Data supplied -
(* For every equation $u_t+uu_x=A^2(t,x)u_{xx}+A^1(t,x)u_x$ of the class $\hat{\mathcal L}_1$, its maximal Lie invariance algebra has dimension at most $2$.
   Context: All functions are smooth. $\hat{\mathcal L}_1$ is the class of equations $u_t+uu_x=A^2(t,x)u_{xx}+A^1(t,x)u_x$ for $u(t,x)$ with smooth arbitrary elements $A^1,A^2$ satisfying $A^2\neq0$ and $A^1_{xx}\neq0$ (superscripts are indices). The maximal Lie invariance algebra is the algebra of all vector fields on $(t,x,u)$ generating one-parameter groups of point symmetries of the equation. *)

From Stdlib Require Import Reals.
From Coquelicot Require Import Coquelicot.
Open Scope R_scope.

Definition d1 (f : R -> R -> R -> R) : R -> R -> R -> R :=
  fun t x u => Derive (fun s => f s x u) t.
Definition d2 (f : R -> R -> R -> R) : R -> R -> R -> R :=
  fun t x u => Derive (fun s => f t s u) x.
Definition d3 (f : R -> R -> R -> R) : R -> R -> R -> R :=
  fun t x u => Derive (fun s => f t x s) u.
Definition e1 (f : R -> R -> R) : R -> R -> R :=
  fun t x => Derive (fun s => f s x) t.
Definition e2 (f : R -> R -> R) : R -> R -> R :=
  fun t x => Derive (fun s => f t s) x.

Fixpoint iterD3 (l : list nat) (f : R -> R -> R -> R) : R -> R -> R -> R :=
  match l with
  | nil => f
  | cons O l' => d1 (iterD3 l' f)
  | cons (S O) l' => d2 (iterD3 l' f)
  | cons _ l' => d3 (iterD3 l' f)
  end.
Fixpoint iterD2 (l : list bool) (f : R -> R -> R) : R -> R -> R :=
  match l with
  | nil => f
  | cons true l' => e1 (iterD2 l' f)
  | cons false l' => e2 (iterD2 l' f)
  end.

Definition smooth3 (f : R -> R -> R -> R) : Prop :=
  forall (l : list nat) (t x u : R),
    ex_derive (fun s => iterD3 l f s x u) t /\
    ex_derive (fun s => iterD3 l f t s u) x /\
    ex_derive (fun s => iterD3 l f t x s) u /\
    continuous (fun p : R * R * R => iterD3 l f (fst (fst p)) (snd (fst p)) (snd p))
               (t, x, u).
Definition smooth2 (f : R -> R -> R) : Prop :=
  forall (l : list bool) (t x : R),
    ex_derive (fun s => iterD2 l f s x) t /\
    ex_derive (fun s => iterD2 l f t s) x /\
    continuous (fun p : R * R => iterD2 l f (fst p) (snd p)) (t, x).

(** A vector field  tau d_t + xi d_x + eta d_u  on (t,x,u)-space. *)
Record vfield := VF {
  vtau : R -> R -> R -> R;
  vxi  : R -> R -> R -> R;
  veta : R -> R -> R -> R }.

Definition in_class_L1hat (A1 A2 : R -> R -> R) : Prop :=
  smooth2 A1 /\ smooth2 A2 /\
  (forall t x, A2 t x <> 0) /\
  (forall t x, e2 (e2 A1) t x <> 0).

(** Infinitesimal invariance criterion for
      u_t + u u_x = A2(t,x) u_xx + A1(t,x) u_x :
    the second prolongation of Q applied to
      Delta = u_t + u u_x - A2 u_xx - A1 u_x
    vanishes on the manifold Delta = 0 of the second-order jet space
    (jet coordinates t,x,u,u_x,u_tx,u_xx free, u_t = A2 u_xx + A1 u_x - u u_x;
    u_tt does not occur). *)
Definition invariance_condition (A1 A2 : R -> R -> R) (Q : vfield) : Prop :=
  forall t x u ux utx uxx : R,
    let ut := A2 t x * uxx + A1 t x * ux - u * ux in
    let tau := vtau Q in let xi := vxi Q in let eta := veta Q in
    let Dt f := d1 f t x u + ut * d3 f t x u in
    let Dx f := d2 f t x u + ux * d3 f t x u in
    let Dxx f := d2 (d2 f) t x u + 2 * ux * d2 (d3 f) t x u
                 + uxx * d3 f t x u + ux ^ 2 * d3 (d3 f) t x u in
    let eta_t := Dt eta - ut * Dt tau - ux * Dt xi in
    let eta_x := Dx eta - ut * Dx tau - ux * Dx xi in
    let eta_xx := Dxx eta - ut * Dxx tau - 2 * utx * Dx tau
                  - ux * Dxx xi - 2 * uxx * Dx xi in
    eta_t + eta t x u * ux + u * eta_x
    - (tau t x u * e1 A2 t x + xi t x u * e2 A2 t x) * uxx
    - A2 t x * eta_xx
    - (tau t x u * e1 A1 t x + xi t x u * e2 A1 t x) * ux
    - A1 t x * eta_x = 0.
---
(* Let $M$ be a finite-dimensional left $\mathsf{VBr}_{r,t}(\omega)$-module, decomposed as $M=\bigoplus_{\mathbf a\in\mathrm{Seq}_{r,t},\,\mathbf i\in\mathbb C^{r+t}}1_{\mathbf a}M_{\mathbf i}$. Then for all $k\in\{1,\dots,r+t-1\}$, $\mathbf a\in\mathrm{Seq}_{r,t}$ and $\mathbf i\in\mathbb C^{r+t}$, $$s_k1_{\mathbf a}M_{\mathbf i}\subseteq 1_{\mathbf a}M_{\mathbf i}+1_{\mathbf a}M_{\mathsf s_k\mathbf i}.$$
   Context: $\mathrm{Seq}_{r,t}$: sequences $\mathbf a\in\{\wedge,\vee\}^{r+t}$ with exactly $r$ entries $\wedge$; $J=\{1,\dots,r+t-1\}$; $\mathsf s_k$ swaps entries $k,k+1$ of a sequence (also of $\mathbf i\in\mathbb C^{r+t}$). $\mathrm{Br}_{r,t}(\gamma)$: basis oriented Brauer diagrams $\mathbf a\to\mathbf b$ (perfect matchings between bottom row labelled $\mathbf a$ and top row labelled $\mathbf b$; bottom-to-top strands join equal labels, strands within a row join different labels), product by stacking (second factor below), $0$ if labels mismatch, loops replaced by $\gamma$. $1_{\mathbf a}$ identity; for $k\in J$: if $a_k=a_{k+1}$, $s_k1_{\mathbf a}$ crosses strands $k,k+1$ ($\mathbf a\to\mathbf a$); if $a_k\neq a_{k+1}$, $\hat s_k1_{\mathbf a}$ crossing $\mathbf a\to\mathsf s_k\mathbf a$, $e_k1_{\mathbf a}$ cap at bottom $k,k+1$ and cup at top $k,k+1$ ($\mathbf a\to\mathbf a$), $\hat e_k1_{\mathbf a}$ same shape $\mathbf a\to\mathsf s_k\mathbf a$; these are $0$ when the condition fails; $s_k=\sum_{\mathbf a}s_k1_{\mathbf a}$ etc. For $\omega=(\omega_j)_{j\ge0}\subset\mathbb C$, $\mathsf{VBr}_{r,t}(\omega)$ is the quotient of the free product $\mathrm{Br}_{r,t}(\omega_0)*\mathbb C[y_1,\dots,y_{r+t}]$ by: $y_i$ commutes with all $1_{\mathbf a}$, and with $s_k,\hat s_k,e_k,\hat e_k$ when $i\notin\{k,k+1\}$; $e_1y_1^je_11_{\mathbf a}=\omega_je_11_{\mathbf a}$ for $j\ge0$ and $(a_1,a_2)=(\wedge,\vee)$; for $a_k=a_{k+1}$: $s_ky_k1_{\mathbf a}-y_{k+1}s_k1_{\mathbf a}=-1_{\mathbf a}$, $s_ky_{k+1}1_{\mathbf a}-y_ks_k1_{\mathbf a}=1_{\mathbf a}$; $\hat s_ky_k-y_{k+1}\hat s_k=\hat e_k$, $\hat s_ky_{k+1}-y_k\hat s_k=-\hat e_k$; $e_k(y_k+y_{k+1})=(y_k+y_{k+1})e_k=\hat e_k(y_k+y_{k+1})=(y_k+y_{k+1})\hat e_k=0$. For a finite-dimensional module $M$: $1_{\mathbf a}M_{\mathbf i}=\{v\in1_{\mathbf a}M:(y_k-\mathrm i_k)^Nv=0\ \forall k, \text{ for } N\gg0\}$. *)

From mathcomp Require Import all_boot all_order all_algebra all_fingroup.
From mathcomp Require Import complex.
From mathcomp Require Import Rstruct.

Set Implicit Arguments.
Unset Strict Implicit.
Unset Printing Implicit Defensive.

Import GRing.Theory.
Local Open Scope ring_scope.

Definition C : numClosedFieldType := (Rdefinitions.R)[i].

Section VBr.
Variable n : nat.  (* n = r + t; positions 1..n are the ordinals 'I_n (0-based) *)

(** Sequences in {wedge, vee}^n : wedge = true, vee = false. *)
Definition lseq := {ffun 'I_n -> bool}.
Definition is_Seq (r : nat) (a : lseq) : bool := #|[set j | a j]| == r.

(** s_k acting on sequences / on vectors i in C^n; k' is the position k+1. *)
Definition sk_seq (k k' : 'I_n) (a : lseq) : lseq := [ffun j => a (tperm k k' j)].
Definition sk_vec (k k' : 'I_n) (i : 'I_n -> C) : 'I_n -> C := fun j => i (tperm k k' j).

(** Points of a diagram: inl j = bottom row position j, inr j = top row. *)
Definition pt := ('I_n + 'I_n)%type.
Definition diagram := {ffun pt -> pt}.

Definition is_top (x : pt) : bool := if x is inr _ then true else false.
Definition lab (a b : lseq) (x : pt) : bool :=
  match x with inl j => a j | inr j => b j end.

Directions -
For the material above, reproduce exactly the lines from the line with "let ut := A2" to the line with "- A1 t x * eta_x = 0.", inclusive, and exclude all others.

Your response -
    let ut := A2 t x * uxx + A1 t x * ux - u * ux in
    let tau := vtau Q in let xi := vxi Q in let eta := veta Q in
    let Dt f := d1 f t x u + ut * d3 f t x u in
    let Dx f := d2 f t x u + ux * d3 f t x u in
    let Dxx f := d2 (d2 f) t x u + 2 * ux * d2 (d3 f) t x u
                 + uxx * d3 f t x u + ux ^ 2 * d3 (d3 f) t x u in
    let eta_t := Dt eta - ut * Dt tau - ux * Dt xi in
    let eta_x := Dx eta - ut * Dx tau - ux * Dx xi in
    let eta_xx := Dxx eta - ut * Dxx tau - 2 * utx * Dx tau
                  - ux * Dxx xi - 2 * uxx * Dx xi in
    eta_t + eta t x u * ux + u * eta_x
    - (tau t x u * e1 A2 t x + xi t x u * e2 A2 t x) * uxx
    - A2 t x * eta_xx
    - (tau t x u * e1 A1 t x + xi t x u * e2 A1 t x) * ux
    - A1 t x * eta_x = 0.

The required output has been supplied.